Hasta pronto, un conmovedor relato de José Antonio Vergara Parra

José Antonio Vergara Parra

El sol brilla en lo alto y las ramas más endebles de los limoneros cimbrean ligeramente por céfiros suaves e intermitentes. Amira, mi esposa, cuida las flores del jardín. Lo hace cada día, a la misma hora, durante el mismo tiempo, con idéntica entrega. Eso la mantiene ocupada.  Creo que en algunas de esas flores, tal vez en los lirios, ve a Haid, nuestro único hijo, fallecido hace un año de leucemia. Hoy, 14 de abril, habría cumplido 24 años.

Este invierno ha nevado y llovido más de lo habitual y la hierba y arboleda de mis cinco tahúllas de terreno lucen pletóricas. Estoy sentado junto a la ventana y observo a Amira con detenimiento. Ya no somos jóvenes y las fuerzas se baten en retirada. Quiero a Amira con toda mi alma; siempre la he querido y siempre la querré. Jamás soñé un mundo donde ella faltase. No sé de qué color es la felicidad pero, cuando estoy con ella, veo en azul claro; a veces, en color crema. Al menos hasta la marcha de nuestro hijo, que ha pintado de gris y azabache nuestro cielo.
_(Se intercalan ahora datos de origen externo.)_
Lemma horner_Ppoly0 x : (Ppoly lam eta 0).[x] = 1.
Proof. by rewrite /Ppoly /= hornerC. Qed.

Lemma horner_Ppoly1 x : (Ppoly lam eta 1).[x] = x.
Proof. by rewrite /Ppoly /= hornerX. Qed.

Lemma horner_PpolySS n x :
  (Ppoly lam eta n.+2).[x] =
  (x - lam) * (Ppoly lam eta n.+1).[x] - Pcoef eta n * (Ppoly lam eta n).[x].
Proof. by rewrite {1}/Ppoly /= Ppair_Ppoly !hornerE. Qed.

Definition gf_rem n w x : R :=
  (Ppoly lam eta n.+1).[x] * w ^+ n.+1
  - Pcoef eta n * (Ppoly lam eta n).[x] * w ^+ n.+2.

Lemma gf_partial_sum n w x :
  (Psi_den lam eta w - x * w) * \sum_(i < n.+1) w ^+ i * (Ppoly lam eta i).[x]
  = gf_num lam eta w - gf_rem n w x.
Proof.
rewrite /gf_rem /Psi_den /gf_num; elim: n => [|n IH].
  by rewrite big_ord_recr big_ord0 /= horner_Ppoly0 horner_Ppoly1 /Pcoef; ring.
by rewrite big_ord_recr /= mulrDr IH horner_PpolySS !exprS; ring.
Qed.

End PpolyRecurrence.

Section PartialSumErrors.
Variables (F : fieldType) (lam eta w x : F).
Local Notation Q := (Psi_den lam eta w).
Local Notation u := (gf_num lam eta w).
Local Notation V := (Psi_den lam eta w - x * w).
Hypotheses (u_neq0 : u != 0) (V_neq0 : V != 0).

Lemma resolvent_Psi_den : Q != 0 -> (1 - x * (w / Q))^-1 = Q / V.
Proof.
move=> Q0; have -> : 1 - x * (w / Q) = V / Q by field.
by rewrite invf_div.
Qed.

Lemma resolvent_partial_sum_err n :
  Q / V - \sum_(i < n.+1) (Q / u * w ^+ i) * (Ppoly lam eta i).[x]
  = Q / (u * V) * gf_rem lam eta n w x.
Proof.
have -> : \sum_(i < n.+1) (Q / u * w ^+ i) * (Ppoly lam eta i).[x]
        = Q / u * ((u - gf_rem lam eta n w x) / V).
  rewrite -gf_partial_sum [X in _ = _ * X]mulrC mulKf // mulr_sumr.
  by apply: eq_bigr => i _; rewrite mulrA.
by field; apply/andP.
Qed.
Lemma lie_bracketP mu : (2%:R : F) != 0 ->
  lie_bracket mu <-> [/\ forall b, lin_map (mu^~ b), forall a, lin_map (mu a),
                         forall a b, mu b a = - mu a b &
                         forall a b c, jacobiator mu a b c = 0].
Proof.
move=> two_neq0; split=> [[lin_l [lin_r [alt jacobi]]]|[lin_l lin_r anti jac0]].
  have lin_l' b : lin_map (mu^~ b) by move=> c u v; apply: lin_l.
  have lin_r' a : lin_map (mu a) by move=> c u v; apply: lin_r.
  have anti a b : mu b a = - mu a b.
    have := alt (a + b); rewrite (lin_mapD (lin_l' _)) !(lin_mapD (lin_r' _)) !alt.
    by rewrite add0r addr0 => /eqP; rewrite addrC addr_eq0 => /eqP.
  by split=> // a b c; rewrite jacobiatorE // jacobi oppr0.
split; first by move=> c a a' b; apply: lin_l.
split; first by move=> c a b b'; apply: lin_r.
split=> [a|a b c].
  have : mu a a + mu a a = 0 by rewrite {1}anti addNr.
  by rewrite -mulr2n -scaler_nat => /eqP; rewrite scaler_eq0 (negbTE two_neq0) => /eqP.
by apply/eqP; rewrite -oppr_eq0 -jacobiatorE // jac0.
Qed.

Lemma deg_m1_njl_phiP mu P : deg_m1 (njl_phi mu P) <->
  [/\ forall b, lin_map (mu^~ b), forall a, lin_map (mu a),
      forall a b, mu b a = - mu a b & lin_map P].
Proof.
split=> [[[_ ml_m] [si_m [[_ ml_g] _]]]|[lin_l lin_r anti LP]].
  split=> [b c u v|a c u v|a b|c u v].
  - exact: (ml_m 0%N isT (fun=> b)).
  - exact: (ml_m 1%N isT (fun=> a)).
  - have := si_m (perm_of_seq 2 [:: 1; 0]%N) (nth 0 [:: b; a]).
    by rewrite pact_perm_of_seq // odd_perm_of_seq_10 sgnE scaleN1r.
  - exact: (ml_g 0%N isT (fun=> u)).
split; [|split; [|split]].
- split=> [x y eq_xy|]; first by rewrite /= !eq_xy.
  by case=> [|[|i]] // _ x c u v; rewrite /upd /=; [apply: lin_l|apply: lin_r].
- move=> s x; have [L] := perm_of_seq_surj s.
  rewrite permutations_iota2 !inE => /orP[] /eqP -> ->; rewrite pact_perm_of_seq //=.
    by rewrite odd_perm_of_seq_01 sgnE scale1r.
  by rewrite odd_perm_of_seq_10 sgnE scaleN1r -anti.
- split=> [x y eq_xy|]; first by rewrite /= eq_xy.
  by case=> [|i] // _ x c u v; apply: LP.
- by move=> s x; rewrite (S1_eq1 s) odd_perm1 sgnE scale1r /= pact1.
Qed.

Lemma nijenhuis_lie_njl_phiP mu P : (2%:R : F) != 0 ->
  nijenhuis_lie mu P <->
  [/\ deg_m1 (njl_phi mu P), forall a b c, jacobiator mu a b c = 0
    & forall a b, nijenhuis_torsion mu P a b = 0].
Proof.
move=> two_neq0; split=> [[/(lie_bracketP _ two_neq0) [lin_l lin_r anti jac0] [LP nij]]|].
  split=> [|//|a b]; first exact/deg_m1_njl_phiP.
  exact/(nijenhuis_torsion_eq0 _ _ _ LP).
case=> /deg_m1_njl_phiP [lin_l lin_r anti LP] jac0 tor0.
split; first exact/lie_bracketP.
by split=> // a b; apply/(nijenhuis_torsion_eq0 _ _ _ LP).
Qed.

Lemma MC_element_njl_phiP mu P : (2%:R : F) != 0 -> (3%:R : F) != 0 ->
  MC_element (njl_phi mu P) <->
  [/\ deg_m1 (njl_phi mu P), forall a b c, jacobiator mu a b c = 0
    & forall a b, nijenhuis_torsion mu P a b = 0].
Proof.
move=> two_neq0 three_neq0; split=> [/MC_elementE [dm mc]|[dm jac0 tor0]].
  split=> // [a b c|a b].
    have [+ _] := mc 3%N isT (nth 0 [:: a; b; c]).
    by rewrite mc_psum_clie_njl_phi //= => /eqP; rewrite oppr_eq0 => /eqP.
  by have [_ +] := mc 2%N isT (nth 0 [:: a; b]); rewrite mc_psum_cnjo_njl_phi.
apply/MC_elementE; split=> // r _ x.
by rewrite mc_psum_clie_njl_phi // mc_psum_cnjo_njl_phi // jac0 tor0 oppr0 !if_same.
Qed.

Lemma MC_element_njl_phi mu P : (2%:R : F) != 0 -> (3%:R : F) != 0 ->
  MC_element (njl_phi mu P) <-> nijenhuis_lie mu P.
Proof.
move=> two_neq0 three_neq0.
exact: iff_trans (MC_element_njl_phiP _ _ two_neq0 three_neq0)
                 (iff_sym (nijenhuis_lie_njl_phiP _ _ two_neq0)).
Qed.

Lemma deg_m1_njl_phi_repr (alpha : mmap V * mmap V) : deg_m1 alpha ->
  alpha = njl_phi (fun a b => alpha.1 (nth 0 [:: a; b])) (fun a => alpha.2 (nth 0 [:: a])).
Proof.
case: alpha => m g [[m_loc _] [_ [[g_loc _] _]]].
by congr pair; apply: functional_extensionality => x;
  [apply: m_loc => -[|[|i]] | apply: g_loc => -[|i]].
Qed.

Lemma njl_phi_inj mu mu' P P' : njl_phi mu P = njl_phi mu' P' -> mu = mu' /\ P = P'.
Proof.
case=> eq_m eq_g; split.
  apply: functional_extensionality => a; apply: functional_extensionality => b.
  by have := congr1 (fun m => m (nth 0 [:: a; b])) eq_m.
apply: functional_extensionality => a.
by have := congr1 (fun g => g (nth 0 [:: a])) eq_g.
Qed.
End LieNijenhuis.

Theorem proposition9p3 (F : fieldType) (V : lmodType F)
  (char0 : [pchar F] =i pred0) :
  (forall (mu : V -> V -> V) (P : V -> V),
      nijenhuis_lie mu P -> MC_element (njl_phi mu P)) /\
  (forall alpha : mmap V * mmap V, MC_element alpha ->
      exists! muP : (V -> V -> V) * (V -> V),
        nijenhuis_lie muP.1 muP.2 /\ njl_phi muP.1 muP.2 = alpha).
Proof.
have [two_neq0 three_neq0] : (2%:R : F) != 0 /\ (3%:R : F) != 0.
  by move/pcharf0P: char0 => char0; rewrite !char0.
split=> [mu P|alpha MC_alpha].
  by move/(MC_element_njl_phi _ _ two_neq0 three_neq0).
have [dm _] := MC_alpha; move: MC_alpha; rewrite (deg_m1_njl_phi_repr dm).
set mu := fun a b => _; set P := fun a => _ => MC_alpha.
exists (mu, P); split; first by split; first exact/MC_element_njl_phi.
by move=> [mu' P'] [_ /= /njl_phi_inj [-> ->]].
Qed.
Desde hace un par de meses, sus ojos miran a un punto indeterminado y apenas rezuman expresividad alguna. Tal vez no le queden lágrimas con las que evacuar el dolor. Su comportamiento es frio, ausente y actúa como si nada le afectara. Cada día, repite sus tareas como si de una autómata se tratare. Estoy preocupado. Sospecho que su cerebro ha tomado el mando para liberarla de la aflicción más lesiva que el azar puede infligirnos: la pérdida de un hijo. Sí. Azar, fatalidad, destino……¿Acaso importa cómo lo llamemos? Desde que asomamos por estos mundos de Dios, el futuro y la seguridad, esos grandísimos impostores, gobiernan nuestros actos y pensamientos. El azar puede vestir de gozo pero también de una agonía que destierra al alma a un erial desolador. Es, entonces, cuando tu vida se derrumba como un castillo de naipes, cuando nada tiene sentido, cuando clamas por respuestas que nunca llegan, cuando un dolor lacerante se apodera de tus entrañas y de la esperanza que, cada aurora, te tendía su mano. No sé bien qué es la generosidad pero afirmo que no hay acto más generoso que traer un hijo al mundo. Una decisión radicalmente pródiga y, en cierto modo, alocada, pues la sólo idea de perderlo te parece insoportable. Aún es peor la realidad que la conjetura. Créanme.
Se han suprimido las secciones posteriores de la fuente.